The Civic Culture
- Cover of the 1963 edition
- Author: Gabriel Almond, Sidney Verba
- Publisher: Sage Publications, Inc
- Published in English: December 1963
- Media type: Print
- Pages: 574 ppg (1963 release)
- ISBN: 0691075034 (1963 release) ISBN 0803935587 (1989 release)

= The Civic Culture =

1963 book by Gabriel Almond and Sidney Verba

The Civic Culture or The Civic Culture: Political Attitudes and Democracy in Five Nations is a 1963 political science book by Gabriel Almond and Sidney Verba. The book is credited with popularizing the political culture sub-field and is considered to be the first systematic study in this field.

==Synopsis==
In the text Almond and Verba examine the democratic systems in five countries, the United States, Germany, Mexico, Italy, and the United Kingdom. They interviewed about a thousand individuals in each country on their views of government and political life. As they define it, the "civic culture" (singular) is "based on communication and persuasion, a culture of consensus and diversity, a culture that [permits] change but [moderates] it" (Almond and Verba 1963, 8). They consider political culture to be the element that connects individual attitudes with the overall political system structure.

They identify three political structures: participant, subject, and parochial.
- Parochial cultures exemplified by tribal societies have little or no specialized political roles and low expectations for political change. Members conceive of their political role in familistic terms, thinking of their family's advantage as the main goal to pursue. Members have low affective and evaluative orientation within the political system.
- Subject cultures have citizens with high cognitive, affective and evaluative orientation towards the political system and policy outputs, but have a relatively detached passive relationship towards them, with minimal to no relationship to political groups or being an active participant. Subject cultures are most compatible with authoritarian political structures.
- Participant cultures have citizens who regard law not as simply something to passively obey, but something they help shape. Members have high cognitive, affective and evaluative orientation to all four types of objects within the political system.

Strong civic cultures are distinguished by robust support for achieving political homeostasis: the optimal mediated balance between multiple contradictory forces such as in the tension between respect for individual rights and concern for the public good, or that between governmental effectiveness and responsiveness to the interests of citizens.

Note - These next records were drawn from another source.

(* Let $f=\frac1n\sum_{z=1}^nf_z$ where each $\nabla f_z$ is $L$-Lipschitz and $\|\nabla f_z(x)\|\le l$ for all $x$ and $z$. Consider one SCSG epoch (see context) from $\tilde x^{k-1}$ producing $\tilde x^k$, with $b\ge1$, $n\ge 8b$, and $\eta L=\gamma(b/n)^{2/3}$, $\gamma\le\frac13$. Then the increase of function value caused by disturbance satisfies $$\mathbb{E}[f(\tilde x^k)-f(\tilde x^{k-1})]\le\frac{5l^2\gamma^2}{L}\left(\frac bn\right)^{1/3}.$$
   Context: One SCSG epoch from $\tilde x^{k-1}$: $\tilde\mu=\nabla f(\tilde x^{k-1})$, $x_0=\tilde x^{k-1}$, $N\sim\mathrm{Geom}(n/(n+b))$ ($P(N=j)=\frac b{n+b}(\frac n{n+b})^j$, so $\mathbb{E}N=n/b$), for $t=1..N$: $x_t=x_{t-1}-\eta(\nabla f_{I_t}(x_{t-1})-\nabla f_{I_t}(\tilde x^{k-1})+\tilde\mu)$ with $I_t\subset[n]$ uniform of size $b$, $\nabla f_I=\frac1{|I|}\sum_{i\in I}\nabla f_i$; $\tilde x^k=x_N$. *)

From HB Require Import structures.
From mathcomp Require Import all_boot all_order all_algebra.
From mathcomp Require Import all_classical all_reals all_analysis.
Set Implicit Arguments. Unset Strict Implicit. Unset Printing Implicit Defensive.
Import Order.TTheory GRing.Theory Num.Theory.
Import numFieldNormedType.Exports.
Local Open Scope ring_scope.

Definition dotv (R : realType) (d : nat) (u v : 'rV[R]_d) : R :=
  \sum_(i < d) u 0 i * v 0 i.
Definition enorm (R : realType) (d : nat) (v : 'rV[R]_d) : R :=
  Num.sqrt (dotv v v).

Definition is_gradient (R : realType) (d : nat)
    (h : 'rV[R]_d -> R) (g : 'rV[R]_d -> 'rV[R]_d) : Prop :=
  forall x, differentiable h x /\ ('d h x : 'rV[R]_d -> R) = (fun v => dotv (g x) v).

Definition favg (R : realType) (d n : nat) (F : 'I_n -> 'rV[R]_d -> R) x : R :=
  n%:R^-1 * \sum_(z < n) F z x.

Definition grad_batch (R : realType) (d n : nat) (G : 'I_n -> 'rV[R]_d -> 'rV[R]_d)
    (I : {set 'I_n}) x : 'rV[R]_d :=
  #|I|%:R^-1 *: \sum_(i in I) G i x.

Definition grad_full (R : realType) (d n : nat) (G : 'I_n -> 'rV[R]_d -> 'rV[R]_d) x
  : 'rV[R]_d := n%:R^-1 *: \sum_(z < n) G z x.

Almond and Verba considered the Italian emphasis on the family as the driving main force for society as "amoral" (in the words of Edward Banfield (The Moral Basis of a Backward Society, 1958), or "exclusive", and believed that such a culture would impede the culture's potential for developing a "sense of community and civic culture," which they saw as a necessary background for "effective democracy".

==Reception==
Seymour Lipset wrote in The Democratic Century that Almond and Verba, "did argue persuasively that the extent of civic culture could be predicted by structural and historical factors" but that there was also "strong evidence that some aspects of the civic culture were powerfully associated with education levels, across national borders".

The Civic Culture was criticized for having an "Anglo-American bias", with the authors stating that only the United Kingdom and the United States possessed the capability for long term democratic stabilization. Critics also expressed skepticism over the accuracy of depicting a culture based upon individual interviews and that the approach was "ethnocentric and more prescriptive than objective and empirical". Verba agrees that there is much to the criticism of putting cultures into the same mould, paying too little attention to context and institutional structures in other countries.

In a retrospective in 2015, Verba offered some additional criticisms of his work, the most important of which was its mistaken optimism about education’s impact on civic culture. His assumption, which has been disproved in the last 50 years, was that a more highly-educated population would create a more secular and rational world. This change would significantly reduce clashes based on religious, racial and ethnic differences. Numerous other studies had replicated his other findings, but Verba pointed out that his data collection and analysis were primitive compared to what is typical in similar studies today. This criticism applied not just to technology but also to methodology such as care in crafting comparable questions in various languages.